Unnamed: 0,zipcode,borough,year,count
0,10469,BRONX,2022,122
1,10466,BRONX,2022,119
2,10463,BRONX,2018,105
3,10466,BRONX,2021,99
4,10456,BRONX,2022,98
5,11211,BROOKLYN,2019,6231
6,11211,BROOKLYN,2018,3227
7,11211,BROOKLYN,2022,2730
8,11211,BROOKLYN,2020,2719
9,11211,BROOKLYN,2017,2645


### Zillow home values (2002-2022)
Get Zillow home values for each zipcode in nyc

In [4]:
home_values = pd.read_csv('../data/clean/zhome_value.csv', low_memory=False)

In [5]:
# EXPORT
# home_values.to_csv("../data/clean/zhome_value.csv", index=False)
# display(home_values)
# print("CSV Generated")

# Filter by significant years and compute yearly mean

### Filter by significant years from top zipcodes
Find min and max year for top zipcodes that need to be mapped from "zillow_home_values"

In [6]:
min_year, max_year = top_zipcodes["year"].min(), top_zipcodes["year"].max()
print("MIN={}\nMAX={}".format(min_year, max_year))

MIN=2015
MAX=2022


Use **MIN, MAX** years from top_zipcodes and narrow down zillow home_value years between [min, max]

In [7]:
home_values = home_values[home_values["year"].between(min_year, max_year, inclusive="both")]
print("Years present in Airbnb zipcode home value:", home_values["year"].unique().tolist(), end="\n\n")

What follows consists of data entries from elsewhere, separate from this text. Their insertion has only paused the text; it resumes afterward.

(* Consider the contextual auction problem and the exponential-weights algorithm with the OptSq loss estimator described in the context, with a finite predictor class $\mathcal{F}$ satisfying realizability with perfect predictor $f^*$. Then $Z_T\le\log|\mathcal{F}|$, where $Z_T=-\mathbb{E}\big[\log\mathbb{E}_{f\sim q_1}\exp\big(-\eta\sum_{t=1}^T(\hat\ell_{t,f}-\hat\ell_{t,f^*})\big)\big]$, and, with an optimal choice of $\eta\le1$, the algorithm guarantees $\mathbb{E}[\mathrm{Reg}]=O\big(\log|\mathcal{F}|+\sqrt{\sum_{t=1}^TN_t\log|\mathcal{F}|}\big)$.
   Context: Notation: $\mathrm{smax}_iv_i$ is the second-largest entry of $v$; $\arg\max$, $\arg\mathrm{smax}$ are the indices of the largest and second-largest entries, ties broken by a fixed deterministic rule. Problem: $T$ rounds. At each round $t$: the learner observes a context $x_t\in\mathcal{X}$ and $N_t$ bidders ($N=\max_tN_t$); chooses estimated CTRs $\tilde\rho_t\in[0,1]^{N_t}$; simultaneously bidders choose bids $b_{t,i}\in[0,1]$ (possibly adaptively adversarial, without knowing $\tilde\rho_t$). Winner $i_t=\arg\max_ib_{t,i}\tilde\rho_{t,i}$, runner-up $j_t=\arg\mathrm{smax}_ib_{t,i}\tilde\rho_{t,i}$, payment per click $d_t=b_{t,j_t}\tilde\rho_{t,j_t}/\tilde\rho_{t,i_t}$; ad $i_t$ is clicked with probability $\rho_{t,i_t}$ (true CTR). The learner observes $b_t$ and click indicator $c_t\in\{0,1\}$ and receives $c_td_t$. Regret: $\mathrm{Reg}=\sum_t\mathrm{smax}_{i\in[N_t]}b_{t,i}\rho_{t,i}-\sum_tc_td_t$. Realizability: $\mathcal{F}\ni f^*$ with $f^*(x_t,i)=\rho_{t,i}$ for all $t,i$, where $\mathcal{F}$ consists of functions $\mathcal{X}\times[N]\to[0,1]$. Algorithm: with learning rate $\eta>0$, sample $f_t\sim q_t$, $q_{t,f}\propto\exp(-\eta\sum_{s<t}\hat\ell_{s,f})$ ($q_1$ uniform on $\mathcal{F}$), set $\tilde\rho_{t,i}=f_t(x_t,i)$, run the auction, and define $\hat\ell_{t,f}=\frac{1}{4\eta}(f(x_t,i_t)-c_t)^2-\mathrm{smax}_{j\in[N_t]}b_{t,j}f(x_t,j)$ for each $f\in\mathcal{F}$. *)

From mathcomp Require Import all_boot all_order all_algebra.
From mathcomp Require Import reals.
From mathcomp Require Import sequences exp.
Set Implicit Arguments. Unset Strict Implicit. Unset Printing Implicit Defensive.
Import Order.TTheory GRing.Theory Num.Theory.
Local Open Scope ring_scope.

Section Auction.
Variable R : realType.

(* index of the largest entry of v among the indices in s; ties broken
   deterministically in favour of the earliest index in s *)
Definition argmax_in (s : seq nat) (v : nat -> R) : nat :=
  match s with
  | [::] => 0%N
  | i :: s' => foldl (fun b j => if v b < v j then j else b) i s'
  end.

Definition winner (n : nat) (v : nat -> R) : nat := argmax_in (iota 0 n) v.
Definition runner (n : nat) (v : nat -> R) : nat :=
  argmax_in [seq j <- iota 0 n | j != winner n v] v.
Definition smax (n : nat) (v : nat -> R) : R := v (runner n v).

Section Game.
(* X : context space; I indexes the finite class F (injective family);
   istar indexes the perfect predictor f^*; Nt t : number of bidders at
   round t (rounds are t = 0, ..., T-1); eta : learning rate;
   advx / advb : adaptive adversary choosing the context and the bids of
   round t as a function of the history of past (sampled predictor, click)
   pairs. *)
Variables (X : Type) (I : finType) (F : I -> X -> nat -> R) (istar : I)
  (Nt : nat -> nat) (eta : R)
  (advx : nat -> seq (I * bool) -> X)
  (advb : nat -> seq (I * bool) -> nat -> R).

Definition hist := seq (I * bool).
Definition dflt : I * bool := (istar, false).

Definition scores (t : nat) (h : hist) (g : I) : nat -> R :=
  fun j => advb t h j * F g (advx t h) j.

Definition win (t : nat) (h : hist) (f : I) : nat := winner (Nt t) (scores t h f).
Definition run (t : nat) (h : hist) (f : I) : nat := runner (Nt t) (scores t h f).

(* OptSq loss estimate hat l_{t,g}, round t, history h, (f_t, c_t) = fc *)
Definition lhat (t : nat) (h : hist) (fc : I * bool) (g : I) : R :=
  (4 * eta)^-1 * (F g (advx t h) (win t h fc.1) - (fc.2)%:R) ^+ 2
  - smax (Nt t) (scores t h g).

Definition cumloss (h : hist) (g : I) : R :=
  \sum_(s < size h) lhat s (take s h) (nth dflt h s) g.

Definition q (h : hist) (g : I) : R :=
  expR (- eta * cumloss h g) / \sum_(g' : I) expR (- eta * cumloss h g').

Definition rho (t : nat) (h : hist) (j : nat) : R := F istar (advx t h) j.

Definition click_prob (t : nat) (h : hist) (fc : I * bool) : R :=
  let p := rho t h (win t h fc.1) in if fc.2 then p else 1 - p.

Definition traj_prob (T : nat) (h : T.-tuple (I * bool)) : R :=
  \prod_(t < T) (q (take t h) (nth dflt h t).1
                 * click_prob t (take t h) (nth dflt h t)).

Definition expect (T : nat) (Y : hist -> R) : R :=
  \sum_(h : T.-tuple (I * bool)) traj_prob h * Y h.

Definition pay (t : nat) (h : hist) (f : I) : R :=
  advb t h (run t h f) * F f (advx t h) (run t h f)
  / F f (advx t h) (win t h f).

Definition regret (T : nat) (h : hist) : R :=
  \sum_(t < T) (smax (Nt t) (fun j => advb t (take t h) j * rho t (take t h) j)
               - ((nth dflt h t).2)%:R * pay t (take t h) (nth dflt h t).1).

Definition expected_regret (T : nat) : R := expect T (regret T).

Definition Z (T : nat) : R :=
  - expect T (fun h => ln (#|I|%:R^-1 *
      \sum_(g : I) expR (- eta * (cumloss h g - cumloss h istar)))).

End Game.
End Auction.

From Pilot Require Import Defs.
From mathcomp Require Import all_boot all_order all_algebra.
From mathcomp Require Import reals.
From mathcomp Require Import sequences exp.
From mathcomp Require Import lra ring.
Import Order.TTheory GRing.Theory Num.Theory.
Local Open Scope ring_scope.
Set Implicit Arguments. Unset Strict Implicit. Unset Printing Implicit Defensive.

(* Let [u_g] be the gap between the second-highest scores under [f^*] and under
   [g], and [d_g] the CTR error of [g] on the slot that wins under [g]. Since the
   second-price rule loses at most [|d_f|] per click, the expected regret of a round
   is at most [E_{f ~ q} (u_f + |d_f|)]. The OptSq estimate makes
   [-eta (lhat_g - lhat_{f^*})] equal to [-eta u_g] plus a quarter of the squared-loss
   advantage of [f^*] over [g] on the observed click, whose exponential moment is at
   most [1 - d^2/8]; so the ratio of successive exponential-weights potentials has
   expectation at most [1 - eta E u + eta^2 - E d^2 / 16]. With [ln y <= y - 1], and
   AM-GM weighted by the probability that a slot wins (the [q]-weighted reciprocals of
   these probabilities sum to at most [N_t]), every round satisfies
   [E reg + (ln ratio) / eta <= 5 eta N_t]. The logarithms telescope to [-Z_T], and
   [Z_T <= ln |F|] because the potential contains the term of [f^*]. Hence
   [E Reg <= ln |F| / eta + 5 eta sum_t N_t], which
   [eta = min (1/3, sqrt (ln |F| / sum_t N_t))] balances; for [|F| = 1] the per-round
   bound is already [<= 0]. *)

Section Argmax.
Variable R : realType.
Implicit Types (v : nat -> R) (s : seq nat).

Lemma foldl_argmaxP v s i :
  let m := foldl (fun b j => if v b < v j then j else b) i s in
  m \in i :: s /\ {in i :: s, forall j, v j <= v m}.
Proof.
elim: s i => [|k s IH] i /=.
  by split=> [|j]; rewrite ?mem_head // inE => /eqP ->.
set i' := if v i < v k then k else i.
have [m_in m_max] := IH i'.
have i'_max : v i <= v i' /\ v k <= v i'.
  by rewrite /i'; case: ltP => [/ltW|] //; split.
split.
  by move: m_in; rewrite /i' !inE; case: ifP => _ /orP[] ->; rewrite ?orbT.
move=> j; rewrite !inE => /or3P[/eqP->|/eqP->|js].
- exact: le_trans i'_max.1 (m_max _ (mem_head _ _)).
- exact: le_trans i'_max.2 (m_max _ (mem_head _ _)).
- by apply: m_max; rewrite inE js orbT.
Qed.

Lemma argmax_in_mem v s : s != [::] -> argmax_in s v \in s.
Proof. by case: s => // i s _; have [] := foldl_argmaxP v s i. Qed.

Lemma argmax_in_max v s : {in s, forall j, v j <= v (argmax_in s v)}.
Proof. by case: s => // i s; have [] := foldl_argmaxP v s i. Qed.

Lemma winner_lt n v : (0 < n)%N -> (winner n v < n)%N.
Proof.
case: n => // n _; have := @argmax_in_mem v (iota 0 n.+1).
by rewrite /winner mem_iota; apply.
Qed.

Lemma winner_max n v j : (j < n)%N -> v j <= v (winner n v).
Proof. by move=> jn; apply: argmax_in_max; rewrite mem_iota. Qed.

Lemma runner_lt n v : (2 <= n)%N -> (runner n v < n)%N.
Proof.
move=> n2; set s := [seq j <- iota 0 n | j != winner n v].
have [j js] : exists j, j \in s.
  exists (if winner n v == 0%N then 1%N else 0%N).
  rewrite mem_filter mem_iota add0n /=.
  by case: (winner n v =P 0%N) => [->|/eqP w0] //=; rewrite eq_sym w0 ltnW.
have /(argmax_in_mem v) : s != [::] by apply: contraTneq js => ->.
by rewrite mem_filter mem_iota add0n => /andP[_ /andP[]].
Qed.

Lemma smax_le_winner n v : (2 <= n)%N -> smax n v <= v (winner n v).
Proof. by move=> n2; apply/winner_max/runner_lt. Qed.

End Argmax.

Section RealInequalities.
Variable R : realType.
Implicit Types x y z D : R.

Lemma expR_mul1B_le1 x : (1 - x) * expR x <= 1.
Proof.
have := ler_wpM2r (expR_ge0 x) (expR_ge1Dx (- x)).
by rewrite -expRD addNr expR0.
Qed.

Lemma expR_le1DxDsqr y : y <= 3^-1 -> expR y <= 1 + y + y ^+ 2.
Proof.
have [z ->] : exists z, y = z + z by exists (y / 2); rewrite -splitr.
move=> hz; set a := (1 - z) * expR z.
have a_ge0 : 0 <= a by rewrite mulr_ge0 ?expR_ge0 //; lra.
have ey : expR (z + z) * (1 - z) ^+ 2 = a ^+ 2 by rewrite expRD /a; ring.
(* [1 <= (1 - z)^2 (1 + 2z + 4z^2)] is [0 <= z^2 (1 - 6z + 4z^2)], true for [z <= 1/6] *)
have poly : 1 <= (1 + (z + z) + (z + z) ^+ 2) * (1 - z) ^+ 2.
  have : 0 <= z ^+ 2 * (1 - 6 * z + 4 * z ^+ 2).
    by rewrite mulr_ge0 ?sqr_ge0 //; have := sqr_ge0 z; lra.
  suff -> : (1 + (z + z) + (z + z) ^+ 2) * (1 - z) ^+ 2
            = 1 + z ^+ 2 * (1 - 6 * z + 4 * z ^+ 2) by lra.
  by ring.
rewrite -(@ler_pM2r _ ((1 - z) ^+ 2)); last by rewrite exprn_gt0 //; lra.
by rewrite ey (le_trans _ poly) // expr_le1 // expR_mul1B_le1.
Qed.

Years present in Airbnb zipcode home value: [2015, 2016, 2017, 2018, 2019, 2020, 2021, 2022]



### Compute yearly mean
Group by **zipcode, year, and borough** to compute the average for home_value for each zipcode on a yearly basis. Notice the reduction in entries. 16577 --> 1412

In [8]:
home_values = home_values.groupby(["zipcode", "year", "borough"])["home_value"].mean().to_frame().reset_index()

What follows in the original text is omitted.